- _Problem statement_: Number of lines with "restriction" in the data: give that figure by itself.

(Collected data)
Lemma ler_natr_dist (R : numDomainType) (a b : nat) :
  `|a%:Z - b%:Z| <= 2 -> `|a%:R - b%:R : R| <= 2.
Proof. by rewrite -(ler_int R) intr_norm rmorphB. Qed.

Theorem lemma2 (R : realType) (F : mechanism R) :
  is_mechanism F ->
  exists Fs : mechanism R, is_mechanism Fs /\
    forall (n m : nat) (E : {set {set 'I_n}}) (own : 'I_n -> 'I_m),
      simple_graph E ->
      forall i : 'I_m,
        var_utility Fs E own i <= var_utility F E own i / 2 + 1 /\
        exp_utility Fs E own i = exp_utility F E own i.
Proof.
move=> F_mech.
exists (fun n m E own => mixture (F n m E own) (rebalance E own)); split.
  move=> n m E own simpleE; have [p_ge0 [p_sum1 p_supp]] := F_mech n m E own simpleE.
  split; [exact: mixture_ge0 | split; first exact: mixture_sum1].
  apply: mixture_support => // M1 M2; exact: rebalance_matching.
move=> n m E own simpleE i.
have [p_ge0 [p_sum1 p_supp]] := F_mech n m E own simpleE.
pose u M := (utility own i M)%:R : R.
have bal M1 M2 : F n m E own M1 != 0 -> F n m E own M2 != 0 ->
    (u (rebalance E own M1 M2).1 + u (rebalance E own M1 M2).2 = u M1 + u M2) /\
    `|u (rebalance E own M1 M2).1 - u (rebalance E own M1 M2).2| <= 2.
  move=> /p_supp M1m /p_supp M2m.
  have /forallP/(_ i)/andP[/eqP sum_eq close] := rebalance_balanced own M1m M2m simpleE.
  by rewrite /u -!natrD sum_eq; split=> //; exact: ler_natr_dist.
have r_sum x y px py := (bal x y px py).1.
have r_close x y px py := (bal x y px py).2.
split; first exact: (variance_mixture_le p_ge0 p_sum1 r_sum r_close).
exact: (mean_mixture_eq p_sum1 r_sum).
Qed.
(* Let ${\bf F}=(F_1,F_2,F_3)$ be a triple of flags in $\mathcal F(\mathbb C^d)$ in general position satisfying property-$\star$, and let $\mathrm{Stab}(F_1,F_2)\subset\mathrm{SL}_d(\mathbb C)$ be the stabilizer of the ordered pair $(F_1,F_2)$. For $B\in\mathrm{Stab}(F_1,F_2)$ and $i\in\{1,\dots,d\}$ let $\mu_i(B)$ be the eigenvalue of $B$ on the line $F_2^i\cap F_1^{d-i+1}$. Then: (1) a sequence $(B_n)$ in $\mathrm{Stab}(F_1,F_2)$ satisfies $B_n^{-1}\cdot F_3\to F_1$ if and only if $\max_{1\le i\le d-1}|\mu_{i+1}(B_n)/\mu_i(B_n)|\to0$; (2) there is $C>0$ such that for every sequence $(B_n)$ in $\mathrm{Stab}(F_1,F_2)$ with $B_n^{-1}\cdot F_3\to F_1$, for all sufficiently large $n$, \[C^{-1}\max_{i}\Big|\frac{\mu_{i+1}(B_n)}{\mu_i(B_n)}\Big|\le d_{\mathcal F}(B_n^{-1}\cdot F_3,F_1)\le C\max_i\Big|\frac{\mu_{i+1}(B_n)}{\mu_i(B_n)}\Big|.\]
   Context: $\mathcal F(\mathbb C^d)$ is the space of complete flags with a fixed Riemannian distance $d_{\mathcal F}$. Flags $F,G$ are transverse if $F^j+G^{d-j}=\mathbb C^d$ for all $j$; $F_1,F_2,F_3$ are in general position if $F_1^{k_1}+F_2^{k_2}+F_3^{k_3}=\mathbb C^d$ for all positive integers $k_i$ summing to $d$. A triple $(F_1,F_2,F_3)$ satisfies property-$\star$ if (1) $F_1,F_2$ and $F_2,F_3$ are transverse pairs, and (2) with $L_i=F_2^i\cap F_1^{d-i+1}$ and $\pi_i:\mathbb C^d\to L_i$ the projection with kernel $\bigoplus_{j\ne i}L_j$, for every $i\in\{1,\dots,d-1\}$ the restriction of $\pi_i$ to the line $F_2^{i+1}\cap F_3^{d-i}$ is an isomorphism onto $L_i$. *)

From HB Require Import structures.
From mathcomp Require Import all_boot all_order all_algebra.
From mathcomp Require Import complex.
From mathcomp Require Import all_classical all_reals all_analysis.

Set Implicit Arguments.
Unset Strict Implicit.
Unset Printing Implicit Defensive.

Import Order.TTheory GRing.Theory Num.Theory.
Local Open Scope ring_scope.

Section Flags.
Variables (R : realType) (d : nat).
Local Notation C := R[i].

(* Conventions:
   - C^d is the space of row vectors 'rV[C]_d; a linear subspace U of C^d is
     represented by a d x d matrix whose row space is U (mxalgebra, %MS).
   - a matrix g acts on C^d by x |-> g x (column-vector convention), i.e. on
     row vectors by x |-> x *m g^T; hence g . U is the row space of U *m g^T. *)
Definition act (g : 'M[C]_d) (U : 'M[C]_d) : 'M[C]_d := U *m g^T.

Definition flag := nat -> 'M[C]_d.

Definition is_flag (F : flag) : Prop :=
  (forall j, (j <= d)%N -> \rank (F j) = j) /\
  (forall j, (j < d)%N -> (F j <= F j.+1)%MS).

Definition act_flag (g : 'M[C]_d) (F : flag) : flag := fun j => act g (F j).

Definition transverse (F G : flag) : Prop :=
  forall j, (j <= d)%N -> row_full (F j + G (d - j)%N)%MS.

Definition general_position (F1 F2 F3 : flag) : Prop :=
  forall k1 k2 k3, (0 < k1)%N -> (0 < k2)%N -> (0 < k3)%N ->
    (k1 + k2 + k3 = d)%N -> row_full (F1 k1 + F2 k2 + F3 k3)%MS.

Definition Lline (F1 F2 : flag) (i : nat) : 'M[C]_d :=
  (F2 i :&: F1 (d - i)%N.+1)%MS.

Definition Lproj (F1 F2 : flag) (i : nat) : 'M[C]_d :=
  proj_mx (Lline F1 F2 i) (\sum_(1 <= j < d.+1 | j != i) Lline F1 F2 j)%MS.

Definition property_star (F1 F2 F3 : flag) : Prop :=
  transverse F1 F2 /\ transverse F2 F3 /\
  forall i, (1 <= i < d)%N ->
    let M := (F2 i.+1 :&: F3 (d - i)%N)%MS in
    (* the restriction of pi_i to the line M is an isomorphism onto L_i:
       its image is L_i and it is injective on M *)
    (M *m Lproj F1 F2 i == Lline F1 F2 i)%MS /\
    \rank (M *m Lproj F1 F2 i) = \rank M.

Definition in_Stab (F1 F2 : flag) (B : 'M[C]_d) : Prop :=
  \det B = 1 /\
  forall j, (j <= d)%N ->
    (act B (F1 j) == F1 j)%MS /\ (act B (F2 j) == F2 j)%MS.

Definition eigval_on (B : 'M[C]_d) (L : 'M[C]_d) (mu : C) : Prop :=
  forall v : 'rV[C]_d, (v <= L)%MS -> v *m B^T = mu *: v.

Definition ctrmx m n (A : 'M[C]_(m, n)) : 'M[C]_(n, m) := (map_mx conjc A)^T.

Definition oproj (U : 'M[C]_d) : 'M[C]_d :=
  let A := row_base U in ctrmx A *m invmx (A *m ctrmx A) *m A.

Definition cabs (z : C) : R := @ComplexField.Normc.normc R z.

Definition frob (A : 'M[C]_d) : R :=
  Num.sqrt (\sum_(a < d) \sum_(b < d) cabs (A a b) ^+ 2).

Definition distF (F G : flag) : R :=
  \sum_(j < d.+1) frob (oproj (F j) - oproj (G j)).

Definition max_ratio (mu : nat -> C) : R :=
  \big[Num.max/0]_(1 <= i < d) cabs (mu i.+1 / mu i).

End Flags.

(* Let [S] be the basis adapted to the lines [L_i = F2^i :&: F1^(d-i+1)].  Every
   [B] in Stab(F1, F2) is diagonal in it, [F1^k] is spanned by its last [k]
   vectors, and transversality of [F3^k] with [F2^(d-k)] puts [F3^k] in the
   affine chart around [F1^k]: [F3^k] is the row space of [(X + J) S] with [X]
   supported on the first [d - k] columns.  The chart coordinates of
   [B^-1 F3^k] are [X r j * mu_(d-k+r+1) / mu_(j+1)], each a product of
   consecutive ratios [mu_(l+1) / mu_l].  Near [F1^k] the orthogonal projector
   is bi-Lipschitz in the chart coordinates, so the distance of the flags is
   at most a multiple of the largest ratio.  Conversely, property-star says
   that for [k = d - i] the coordinate coupling [L_(i+1)] with [L_i] is
   nonzero; it gets scaled by [mu_(i+1) / mu_i], which bounds that ratio by
   the distance.  Finitely many [k] make all constants uniform. *)

From mathcomp Require Import all_boot all_order all_algebra.
From mathcomp Require Import complex.
From mathcomp Require Import all_classical all_reals all_analysis.
From mathcomp Require Import lra zify.
Import Order.TTheory GRing.Theory Num.Theory.
Import numFieldNormedType.Exports.
Set Implicit Arguments.
Unset Strict Implicit.
Unset Printing Implicit Defensive.
Local Open Scope ring_scope.

Section EntrywiseNorm.
Variable R : realType.
Local Notation C := R[i].

Lemma cabs_ge0 (z : C) : 0 <= cabs z.
Proof. by case: z => a b; rewrite /cabs /= sqrtr_ge0. Qed.

Lemma cabs0 : cabs (0 : C) = 0.
Proof. exact: ComplexField.Normc.normc0. Qed.

Lemma cabs1 : cabs (1 : C) = 1.
Proof. exact: ComplexField.Normc.normc1. Qed.

Lemma cabsD (x y : C) : cabs (x + y) <= cabs x + cabs y.
Proof. exact: le_normcD. Qed.

Lemma cabsM (x y : C) : cabs (x * y) = cabs x * cabs y.
Proof. exact: ComplexField.Normc.normcM. Qed.

Lemma cabsN (x : C) : cabs (- x) = cabs x.
Proof. exact: normcN. Qed.

Lemma cabs_eq0 (x : C) : (cabs x == 0) = (x == 0).
Proof.
by apply/eqP/eqP => [/ComplexField.Normc.eq0_normc | ->] //; rewrite cabs0.
Qed.

Lemma cabs_conjc (x : C) : cabs (conjc x) = cabs x.
Proof. by case: x => a b; rewrite /cabs /= sqrrN. Qed.

Lemma cabs_sum (I : Type) (r : seq I) (P : pred I) (F : I -> C) :
  cabs (\sum_(i <- r | P i) F i) <= \sum_(i <- r | P i) cabs (F i).
Proof.
elim/big_rec2: _ => [|i y1 y2 _ IH]; first by rewrite cabs0.
by apply: le_trans (cabsD _ _) _; rewrite lerD2l.
Qed.

Lemma ler_sum_term (I : finType) (F : I -> R) (i : I) :
  (forall j, 0 <= F j) -> F i <= \sum_j F j.
Proof. by move=> F_ge0; rewrite (bigD1 i) //= lerDl sumr_ge0. Qed.

Lemma sum_sqr_le_sqr_sum (I : Type) (r : seq I) (P : pred I) (F : I -> R) :
  (forall i, 0 <= F i) ->
  \sum_(i <- r | P i) F i ^+ 2 <= (\sum_(i <- r | P i) F i) ^+ 2.
Proof.
move=> F_ge0.
suff [] : 0 <= \sum_(i <- r | P i) F i /\
          \sum_(i <- r | P i) F i ^+ 2 <= (\sum_(i <- r | P i) F i) ^+ 2 by [].
elim/big_rec2: _ => [|i y1 y2 _ [y2_ge0 IH]]; first by rewrite expr0n.
have := F_ge0 i; split; [exact: addr_ge0 | nra].
Qed.

Definition l1norm m n (A : 'M[C]_(m, n)) : R :=
  \sum_(i < m) \sum_(j < n) cabs (A i j).

Lemma l1norm_ge0 m n (A : 'M[C]_(m, n)) : 0 <= l1norm A.
Proof. by do 2![apply: sumr_ge0 => ? _]; apply: cabs_ge0. Qed.

Lemma l1normD m n (A B : 'M[C]_(m, n)) : l1norm (A + B) <= l1norm A + l1norm B.
Proof.
rewrite /l1norm -big_split; apply: ler_sum => i _.
by rewrite -big_split; apply: ler_sum => j _; rewrite mxE cabsD.
Qed.

Lemma l1normN m n (A : 'M[C]_(m, n)) : l1norm (- A) = l1norm A.
Proof. by do 2![apply: eq_bigr => ? _]; rewrite mxE cabsN. Qed.

Lemma l1normB m n (A B : 'M[C]_(m, n)) : l1norm (A - B) <= l1norm A + l1norm B.
Proof. by rewrite -(l1normN B) l1normD. Qed.

Lemma l1norm_row m n (A : 'M[C]_(m, n)) i : \sum_j cabs (A i j) <= l1norm A.
Proof.
rewrite /l1norm.
apply: (@ler_sum_term _ (fun k => \sum_j cabs (A k j))) => k.
by apply: sumr_ge0 => l _; apply: cabs_ge0.
Qed.

Lemma cabs_le_l1norm m n (A : 'M[C]_(m, n)) i j : cabs (A i j) <= l1norm A.
Proof.
apply: le_trans (l1norm_row A i).
exact: (@ler_sum_term _ (fun l => cabs (A i l))) (fun l => cabs_ge0 _).
Qed.

Lemma l1normM m n p (A : 'M[C]_(m, n)) (B : 'M[C]_(n, p)) :
  l1norm (A *m B) <= l1norm A * l1norm B.
Proof.
rewrite /l1norm mulr_suml; apply: ler_sum => i _.
apply: (@le_trans _ _ (\sum_(j < p) \sum_(l < n) cabs (A i l) * cabs (B l j))).
  apply: ler_sum => j _; rewrite mxE; apply: le_trans (cabs_sum _ _ _) _.
  by apply: ler_sum => l _; rewrite cabsM.
rewrite exchange_big mulr_suml; apply: ler_sum => l _.
by rewrite -mulr_sumr ler_wpM2l ?cabs_ge0 ?l1norm_row.
Qed.

Lemma l1normM3 m n p q (A : 'M[C]_(m, n)) (B : 'M[C]_(n, p)) (D : 'M[C]_(p, q)) :
  l1norm (A *m B *m D) <= l1norm A * l1norm B * l1norm D.
Proof.
apply: le_trans (l1normM _ _) _.
by rewrite ler_wpM2r ?l1norm_ge0 ?l1normM.
Qed.

Lemma l1norm_ctrmx m n (A : 'M[C]_(m, n)) : l1norm (ctrmx A) = l1norm A.
Proof.
rewrite /l1norm exchange_big; do 2![apply: eq_bigr => ? _].
by rewrite !mxE cabs_conjc.
Qed.

Lemma l1norm1 n : l1norm (1%:M : 'M[C]_n) = n%:R.
Proof.
rewrite /l1norm (eq_bigr (fun _ => 1)) ?sumr_const ?card_ord // => i _.
rewrite (bigD1 i) //= big1 ?addr0 => [|j /negPf ji]; rewrite mxE.
  by rewrite eqxx cabs1.
by rewrite eq_sym ji cabs0.
Qed.

Lemma frob_ge0 d (A : 'M[C]_d) : 0 <= frob A.
Proof. exact: sqrtr_ge0. Qed.

Lemma frob_le_l1norm d (A : 'M[C]_d) : frob A <= l1norm A.
Proof.
rewrite /frob -(ger0_norm (l1norm_ge0 A)) -sqrtr_sqr ler_wsqrtr //.
apply: (@le_trans _ _ (\sum_(i < d) (\sum_(j < d) cabs (A i j)) ^+ 2)).
  by apply: ler_sum => i _; apply: sum_sqr_le_sqr_sum => j; apply: cabs_ge0.
by apply: sum_sqr_le_sqr_sum => i; apply: sumr_ge0 => j _; apply: cabs_ge0.
Qed.

Lemma cabs_le_frob d (A : 'M[C]_d) i j : cabs (A i j) <= frob A.
Proof.
rewrite /frob -(ger0_norm (cabs_ge0 (A i j))) -sqrtr_sqr ler_wsqrtr //.
have entry_sqr_ge0 k l : 0 <= cabs (A k l) ^+ 2 by apply: sqr_ge0.
apply: (@le_trans _ _ (\sum_l cabs (A i l) ^+ 2)).
  exact: (@ler_sum_term _ (fun l => cabs (A i l) ^+ 2)).
by apply: (@ler_sum_term _ (fun k => \sum_l cabs (A k l) ^+ 2)) => k; apply: sumr_ge0.
Qed.

Lemma l1norm_le_frob d (A : 'M[C]_d) : l1norm A <= (d * d)%:R * frob A.
Proof.
apply: (@le_trans _ _ (\sum_(i < d) \sum_(j < d) frob A)).
  by do 2![apply: ler_sum => ? _]; apply: cabs_le_frob.
by rewrite !sumr_const !card_ord -mulrnA mulr_natl.
Qed.

End EntrywiseNorm.

Section OrthogonalProjection.
Variable R : realType.
Local Notation C := R[i].

Lemma ctrmxM m n p (A : 'M[C]_(m, n)) (B : 'M[C]_(n, p)) :
  ctrmx (A *m B) = ctrmx B *m ctrmx A.
Proof. by rewrite /ctrmx map_mxM trmx_mul. Qed.

Lemma ctrmxD m n (A B : 'M[C]_(m, n)) : ctrmx (A + B) = ctrmx A + ctrmx B.
Proof. by apply/matrixP => i j; rewrite !mxE rmorphD. Qed.

Lemma rV_ctrmx_eq0 n (w : 'rV[C]_n) : w *m ctrmx w = 0 -> w = 0.
Proof.
move=> /matrixP /(_ 0 0); rewrite !mxE => w_w0.
have : \sum_j `|w 0 j| ^+ 2 = 0.
  by rewrite -[RHS]w_w0; apply: eq_bigr => j _; rewrite sqr_normc !mxE.
move=> /psumr_eq0P w0; apply/rowP => j.
by apply/eqP; rewrite mxE -normr_eq0 -sqrf_eq0 w0 ?sqr_ge0.
Qed.

Lemma gram_unitmx k n (A : 'M[C]_(k, n)) : row_free A -> A *m ctrmx A \in unitmx.
Proof.
move=> fA; rewrite -row_free_unit; apply: inj_row_free => v vG0.
have /rV_ctrmx_eq0/eqP : (v *m A) *m ctrmx (v *m A) = 0.
  by rewrite ctrmxM !mulmxA -(mulmxA v) vG0 !mul0mx.
by rewrite mulmx_free_eq0 // => /eqP.
Qed.

(* The orthogonal projector onto the row space of [A]; for [A] not row-free
   the Gram matrix is singular and [invmx] makes this junk. *)
Definition orthoproj k n (A : 'M[C]_(k, n)) : 'M[C]_n :=
  ctrmx A *m invmx (A *m ctrmx A) *m A.

Section RowFree.
Variables (k n : nat) (A : 'M[C]_(k, n)).
Hypothesis fA : row_free A.

Lemma mulmx_orthoproj : A *m orthoproj A = A.
Proof. by rewrite /orthoproj !mulmxA mulmxV ?gram_unitmx // mul1mx. Qed.

Lemma orthoproj_ctrmx : orthoproj A *m ctrmx A = ctrmx A.
Proof. by rewrite /orthoproj -!mulmxA mulVmx ?gram_unitmx // mulmx1. Qed.

Lemma orthoproj_idem : orthoproj A *m orthoproj A = orthoproj A.
Proof. by rewrite {1}/orthoproj -mulmxA mulmx_orthoproj. Qed.

Lemma orthoproj_unique (P : 'M[C]_n) :
  (P <= A)%MS -> P *m ctrmx A = ctrmx A -> P = orthoproj A.
Proof.
move=> sPA PA; have /submxP [D DA] : (P - orthoproj A <= A)%MS.
  by rewrite addmx_sub // eqmx_opp submxMl.
have /eqP : D *m (A *m ctrmx A) = 0.
  by rewrite mulmxA -DA mulmxBl PA orthoproj_ctrmx subrr.
rewrite mulmx_free_eq0 ?row_free_unit ?gram_unitmx // => /eqP D0.
by apply/eqP; rewrite -subr_eq0 DA D0 mul0mx.
Qed.

End RowFree.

- _Output for this task_: 2